Tam Güneş tutulması esnasında çekilecek olan ve arka plandaki yıldızları gösterecek kaliteli bir fotoğraf, aynı bölge için daha önce çekilen veya daha sonra çekilecek fotoğrafla kıyaslandığında, Güneşe yakın bölgedeki yıldızların konumlarında belirlenebilecek sapmalar, bu önermenin ispatı olabilirdi.
Teoriyi atan kişinin hesaplarına göre iki görüntü arasında 1,7 arksaniyelik fark olmalıydı. 1 arksaniye 1 derecenin 3600’de biri kadardır bu arada. İşin ilginç yanı, bu teoriyi ortaya atan kişi tüm bu ölçümlerini uzayı gözlemleyerek değil, masa başında denklemler aracılığı ile yapmıştı.

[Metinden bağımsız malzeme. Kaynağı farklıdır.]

(* Let $W$ be a finite connected CW-complex, $Q$ the Hilbert cube, and let $\tilde\varphi: S^d\times W\times Q\to S^d\times W\times Q$, $\tilde\varphi(s,w)=(\varphi(s),h_s(w))$, be a minimal homeomorphism, where $h:S^d\to\mathrm{Homeo}(W\times Q)$ is continuous. Then the homeomorphism $\tilde\zeta: Z\times W\times Q\to Z\times W\times Q$, $\tilde\zeta(z,w)=(\zeta(z),h_{q(z)}(w))$, is minimal.
   Context: Fix an odd integer $d\ge3$ and a minimal diffeomorphism $\varphi:S^d\to S^d$. $(Z,\zeta)$ is the point-like minimal system of Deeley–Putnam–Strung associated to $\varphi$: there is a $\varphi$-invariant subset $L_\infty\subset S^d$ (the image of an injective immersion of $\mathbb{R}$); $Z$ is a compact metric space obtained by completing $S^d\setminus L_\infty$ with respect to a suitable metric, so that $S^d\setminus L_\infty$ is a dense subset of $Z$; $\zeta$ is the minimal homeomorphism of $Z$ extending $\varphi|_{S^d\setminus L_\infty}$; $Z$ has the Čech cohomology and $K$-theory of a point; and $q:Z\to S^d$ is an almost one-to-one factor map ($q\circ\zeta=\varphi\circ q$) which is the identity, in particular injective, on $S^d\setminus L_\infty$. A homeomorphism is minimal if it has no proper nonempty closed invariant subsets. *)

From HB Require Import structures.
From mathcomp Require Import all_boot all_order all_algebra.
From mathcomp Require Import all_classical all_reals all_analysis.
Set Implicit Arguments. Unset Strict Implicit. Unset Printing Implicit Defensive.
Import Order.TTheory GRing.Theory Num.Theory.
Import numFieldNormedType.Exports.
Local Open Scope classical_set_scope.
Local Open Scope ring_scope.

Fixpoint iderive (R : realType) (V W : normedModType R)
    (vs : seq V) (f : V -> W) : V -> W :=
  match vs with
  | [::] => f
  | v :: vs' => fun x => derive (iderive vs' f) x v
  end.

Definition smooth (R : realType) (V W : normedModType R) (f : V -> W) :=
  forall vs : seq V,
    continuous (iderive vs f) /\ (forall (v x : V), derivable (iderive vs f) x v).

Definition sphere (R : realType) (d : nat) : set 'rV[R]_(d.+1) :=
  [set x | \sum_(i < d.+1) (x ord0 i) ^+ 2 = 1].
Arguments sphere : clear implicits.

Definition closed_in (T : topologicalType) (A C : set T) :=
  exists D : set T, closed D /\ C = A `&` D.

Definition minimal_on (T : topologicalType) (A : set T) (f : T -> T) :=
  forall C : set T, C `<=` A -> closed_in A C -> C !=set0 -> f @` C = C ->
    C = A.

Definition homeo_on (T : topologicalType) (A : set T) (f g : T -> T) :=
  [/\ f @` A = A, g @` A = A, {in A, cancel f g} & {in A, cancel g f}] /\
  {within A, continuous f} /\ {within A, continuous g}.

Definition sphere_diffeo (R : realType) (d : nat)
    (f : 'rV[R]_(d.+1) -> 'rV[R]_(d.+1)) :=
  exists g : 'rV[R]_(d.+1) -> 'rV[R]_(d.+1),
    homeo_on (sphere R d) f g /\
    exists F G : 'rV[R]_(d.+1) -> 'rV[R]_(d.+1),
      smooth F /\ smooth G /\
      {in sphere R d, F =1 f} /\ {in sphere R d, G =1 g}.

Definition injective_immersed_line (R : realType) (d : nat)
    (L : set 'rV[R]_(d.+1)) :=
  exists gamma : R^o -> 'rV[R]_(d.+1),
    smooth gamma /\ injective gamma /\ (forall t : R^o, derive gamma t 1 != 0) /\
    range gamma = L.

Definition hilbert_cube (R : realType) : set {ptws nat -> R} :=
  [set x | forall n, 0 <= x n <= 1].
Arguments hilbert_cube : clear implicits.

(* h : S -> Homeo(X) continuous (compact-open topology, X compact Hausdorff):
   each h s is a homeomorphism of X with inverse hi s, and both
   (s,x) |-> h s x and (s,x) |-> hi s x are jointly continuous on S x X. *)
Definition cont_homeo_family (S X : topologicalType) (A : set S) (B : set X)
    (h hi : S -> X -> X) :=
  (forall s, A s -> homeo_on B (h s) (hi s)) /\
  {within A `*` B, continuous (fun p : S * X => h p.1 p.2)} /\
  {within A `*` B, continuous (fun p : S * X => hi p.1 p.2)}.

From HB Require Import structures.
From mathcomp Require Import all_boot all_order all_algebra.
From mathcomp Require Import all_classical all_reals all_analysis.
Set Implicit Arguments. Unset Strict Implicit. Unset Printing Implicit Defensive.
Import Order.TTheory GRing.Theory Num.Theory.
Import numFieldNormedType.Exports.
Local Open Scope classical_set_scope.
Local Open Scope ring_scope.

(* Let C be a nonempty closed invariant subset of Z x W x Q.  Its image under
   q x id is compact, hence closed, nonempty and invariant, so by minimality of
   the skew product over S^d it is all of S^d x W x Q.  If q is injective at z,
   the only point of C above (q z, x) is therefore (z, x), so each slice
   {z | (z, x) in C} is a closed set containing the injectivity points of q;
   these are dense, so the slice is all of Z and C is everything. *)

Lemma prod_hausdorff (U V : topologicalType) :
  hausdorff_space U -> hausdorff_space V -> hausdorff_space (U * V)%type.
Proof.
move=> hU hV [u1 v1] [u2 v2]; rewrite cluster_cvgE => -[G PG [G_u2 G_u1]].
congr pair.
- apply: hU; rewrite cluster_cvgE; exists (fst @ G); first exact: fmap_proper_filter.
  split; first exact: cvg_trans (cvg_app fst G_u2) cvg_fst.
  exact: cvg_trans (cvg_app fst G_u1) cvg_fst.
- apply: hV; rewrite cluster_cvgE; exists (snd @ G); first exact: fmap_proper_filter.
  split; first exact: cvg_trans (cvg_app snd G_u2) cvg_snd.
  exact: cvg_trans (cvg_app snd G_u1) cvg_snd.
Qed.

Lemma hilbert_cube_compact (R : realType) : compact (hilbert_cube R).
Proof.
have -> : hilbert_cube R = [set f | forall i, (`[0, 1]%classic : set R) (f i)].
  by apply/seteqP; split => f /= f01 i; move: (f01 i); rewrite /= in_itv.
apply: (@tychonoff nat (fun _ => R) (fun _ => `[0, 1]%classic)) => _.
exact: segment_compact.
Qed.

Lemma closed_slice (T U : topologicalType) (D : set (T * U)) (u : U) :
  closed D -> closed [set t | D (t, u)].
Proof.
move=> clD; apply: (preimage_closed (f := fun t => (t, u))) => // t _.
by apply: (@cvg_pair _ _ _ (nbhs t) (nbhs t) (nbhs u)); [exact: cvg_id | exact: cvg_cst].
Qed.

Lemma dense_sub_closed_setT (T : topologicalType) (G S : set T) :
  dense G -> closed S -> G `<=` S -> S = setT.
Proof.
move=> dG clS GS; apply/seteqP; split => // t _; apply: contrapT => St.
have [s [nSs Gs]] := dG (~` S) (ex_intro _ t St) (closed_openC clS).
exact: nSs (GS _ Gs).
Qed.

Lemma image_semiconj_invariant (T U : Type) (f : T -> T) (g : U -> U)
    (p : T -> U) (C : set T) :
  (forall t, p (f t) = g (p t)) -> f @` C = C -> g @` (p @` C) = p @` C.
Proof.
move=> pf fC; rewrite image_comp -[in RHS]fC image_comp.
by apply: eq_imagel => t _ /=; rewrite pf.
Qed.

Section SkewProductLift.
Variables (Z U X : topologicalType) (zeta : Z -> Z) (phi : U -> U).
Variables (q : Z -> U) (h : U -> X -> X) (A : set U) (B : set X).
Hypothesis UX_hausdorff : hausdorff_space (U * X)%type.
Hypotheses (Z_compact : compact [set: Z]) (B_compact : compact B).
Hypotheses (q_cont : continuous q) (q_range : range q `<=` A).
Hypothesis q_semiconj : forall z, q (zeta z) = phi (q z).
Hypothesis q_injective_dense :
  dense [set z | forall z' : Z, q z' = q z -> z' = z].
Hypothesis skew_minimal :
  minimal_on (A `*` B) (fun p => (phi p.1, h p.1 p.2)).

Let qxid (p : Z * X) := (q p.1, p.2).

Lemma continuous_qxid : continuous qxid.
Proof.
move=> [z x]; apply: (@cvg_pair _ _ _ (nbhs (z, x)) (nbhs (q z)) (nbhs x)).
- by apply: cvg_comp (@cvg_fst _ _ (nbhs z) (nbhs x) _) _; exact: q_cont.
- exact: (@cvg_snd _ _ (nbhs z) (nbhs x) _).
Qed.

Section InvariantSet.
Variable C : set (Z * X).
Hypotheses (C_sub : C `<=` [set: Z] `*` B) (C_closed : closed_in ([set: Z] `*` B) C).
Hypothesis C_nonempty : C !=set0.
Hypothesis C_invariant : (fun p => (zeta p.1, h (q p.1) p.2)) @` C = C.

Lemma image_qxid_full : qxid @` C = A `*` B.
Proof.
have C_compact : compact C.
  have [D [clD ->]] := C_closed.
  by apply: compact_closedI => //; exact: compact_setX.
have PC_closed : closed (qxid @` C).
  apply: compact_closed => //; apply: continuous_compact => //.
  exact: continuous_subspaceT continuous_qxid.
have PC_sub : qxid @` C `<=` A `*` B.
  by move=> _ [c /C_sub [_ Bc] <-]; split => //=; apply: q_range; exists c.1.
apply: skew_minimal => //.
- by exists (qxid @` C); split; last rewrite setIidr.
- by case: C_nonempty => c Cc; exists (qxid c), c.
- by apply: image_semiconj_invariant C_invariant => -[z x]; rewrite /qxid /= q_semiconj.
Qed.

Lemma slice_contains_injective_points (z : Z) (x : X) :
  (forall z' : Z, q z' = q z -> z' = z) -> B x -> C (z, x).
Proof.
move=> q_inj_z Bx.
have : (A `*` B) (q z, x) by split => //; apply: q_range; exists z.
by rewrite -image_qxid_full => -[[z' x'] Cc [/q_inj_z <- <-]].
Qed.

End InvariantSet.

Lemma minimal_on_skew_lift :
  minimal_on ([set: Z] `*` B) (fun p => (zeta p.1, h (q p.1) p.2)).
Proof.
move=> C C_sub C_closed C_nonempty C_invariant.
have [D [clD C_eq]] := C_closed.
apply/seteqP; split => // -[z x] [_ Bx].
suff slice_full : [set z' | D (z', x)] = setT.
  by rewrite C_eq; split => //; have : [set: Z] z by []; rewrite -slice_full.
apply: dense_sub_closed_setT q_injective_dense (closed_slice (u := x) clD) _ => g q_inj_g.
have := slice_contains_injective_points C_sub C_closed C_nonempty C_invariant q_inj_g Bx.
by rewrite C_eq => -[].
Qed.

End SkewProductLift.

Theorem proposition2p8 (R : realType) (d : nat)
  (phi : 'rV[R]_(d.+1) -> 'rV[R]_(d.+1))
  (L : set 'rV[R]_(d.+1))
  (Z : pseudoMetricType R) (zeta zetainv : Z -> Z)
  (q : Z -> 'rV[R]_(d.+1)) (j : 'rV[R]_(d.+1) -> Z)
  (W : topologicalType)
  (h hinv : 'rV[R]_(d.+1) -> W * {ptws nat -> R} -> W * {ptws nat -> R}) :
  (* d odd, d >= 3; phi a minimal diffeomorphism of S^d *)
  odd d -> (3 <= d)%N ->
  sphere_diffeo phi -> minimal_on (sphere R d) phi ->
  (* L_infty: phi-invariant injectively immersed line in S^d *)
  L `<=` sphere R d -> injective_immersed_line L -> phi @` L = L ->
  (* Z compact metric; j identifies S^d \ L_infty with a dense subset of Z *)
  hausdorff_space Z -> compact [set: Z] ->
  {in sphere R d `\` L &, injective j} ->
  dense (j @` (sphere R d `\` L)) ->
  (* zeta minimal homeomorphism of Z extending phi on S^d \ L_infty *)
  homeo_on [set: Z] zeta zetainv -> minimal_on [set: Z] zeta ->
  (forall s, (sphere R d `\` L) s -> zeta (j s) = j (phi s)) ->
  (* q : Z -> S^d almost one-to-one factor map, identity on S^d \ L_infty *)
  continuous q -> q @` [set: Z] = sphere R d ->
  (forall z, q (zeta z) = phi (q z)) ->
  (forall s, (sphere R d `\` L) s -> q (j s) = s) ->
  dense [set z : Z | forall z' : Z, q z' = q z -> z' = z] ->
  (* W: compact connected Hausdorff space (finite connected CW-complex) *)
  hausdorff_space W -> compact [set: W] -> connected [set: W] ->
  (* h : S^d -> Homeo(W x Q) continuous *)
  cont_homeo_family (sphere R d) ([set: W] `*` hilbert_cube R) h hinv ->
  (* phi~ minimal on S^d x W x Q *)
  minimal_on (sphere R d `*` ([set: W] `*` hilbert_cube R))
    (fun p => (phi p.1, h p.1 p.2)) ->
  (* conclusion: zeta~ minimal on Z x W x Q *)
  minimal_on ([set: Z] `*` ([set: W] `*` hilbert_cube R))
    (fun p => (zeta p.1, h (q p.1) p.2)).
Proof.
move=> _ _ _ _ _ _ _ _ Z_compact _ _ _ _ _ q_cont q_onto q_semiconj _
  q_injective_dense W_hausdorff W_compact _ _ skew_minimal.
apply: minimal_on_skew_lift q_semiconj q_injective_dense skew_minimal => //.
- apply: prod_hausdorff; first exact: norm_hausdorff.
  apply: prod_hausdorff => //; apply: hausdorff_product => _.
  exact: norm_hausdorff.
- by apply: compact_setX => //; exact: hilbert_cube_compact.
- by rewrite q_onto.
Qed.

Bu iş için olası olumsuz hava koşulları nedeniyle iki farklı bölgede çekim yapacak, iki ekip hazırlandı. Bir ekip Brezilya’nın yolunu tutarken, diğeri de Afrika’ya doğru yol aldı. Ölçümler yapıldı ve bilim dünyası nefesleri tutup gelecek haberi beklemeye başladı.
O günkü koşullar altında aylar süren bu bekleyiş, sonucunda Eddington, Brezilya ve Afrika’dan alınan yıldız görüntülerini analiz ederek, fotoğraflarda belirlenen yıldız pozisyonlarının arasındaki farkları 1,61 ve 1,98 arksaniye olarak açıklamasıyla sonlandı.
Bir kişi oturduğu yerden, uzayda olup bitenleri inanılmaz netlik ile tahmin etmişti. Bu kişi herkesin bildiği gibi, Einstein’dı. Cisimlerin uzay-zamanı büktüğü iddiası gerçekti. Newton’un “uzay statiktir” düşüncesi geçerliliğini yitirmişti.
Einstein uzun zamandır rölativite teorisi üzerine çalışıyordu. Işığın büküldüğünü düşünüyor ancak mevcut Öklid geometrisi kapsamında bunu ispatlayamıyordu. İspatı için üç boyutlu geometri bilgisi gerekliydi ancak ne yazık ki kendisi bu bilgiye sahip değildi. Ancak neye ihtiyacı olduğunu biliyordu. Dünyada bu teoriyi bilenler vardı ve Einstein onlara ulaşmalıydı.
İşe Alman matematikçi Gauss’un kitaplarını okuyarak başladı. Devamında da Öklid dışı geometrinin temellerini atan Riemann’ın fikirlerini öğrendi. Başka bir matematikçi olan Marcel Grossmann’la yaptıkları çalışmalar sonucunda nihayet büyük teorisini ortaya koyabilecek donanıma sahip olmuştu. Işığın bükülmesi, uzay zamana bağlı 4. boyut fikri de bu matematiksel altyapının bir sonucu olarak bilime armağan oldu.
Matematiğin fiziğe yaptığı bu katkı o yıllarda birçok bilim dalını da etkiledi. Herkes devamında matematik kullanarak dünyayı keşfetmenin büyüsüne kapıldı. Bu durum sadece fizikçileri değil, ekonomistleri bile etkiledi zamanla. Sonuçta üretim, tüketim, harcama hepsi sayılarla ifade edilen değerlerdi. 20. yüzyılın ikinci yarısından itibaren matematiksel modeller birçok bilimde kullanılmaya başlandı.
Einstein’ın genel görelilik kuramı, karadeliklerin davranışından gezegen yörüngelerinin hesaplanmasına, kütleçekimsel mercek etkisinden Büyük Patlama olayına, karanlık madde ölçümlerinden genişleyen evren modellerine kadar pek çok farklı alanda son derece başarılı sonuçlar verdi ve modern fiziğin temelini değiştirdi.
Ancak Einstein belki de farkında olmadan bir devrim yapmıştı aslında, bu bilişsel devrim ve tetikledikleri ile devamında gelen hiçbir şey artık eskisi gibi olmayacaktı…
Eğer Einstein olmasaydı, bilim nerede takılı kalırdı, bunu kestirmek çok güç.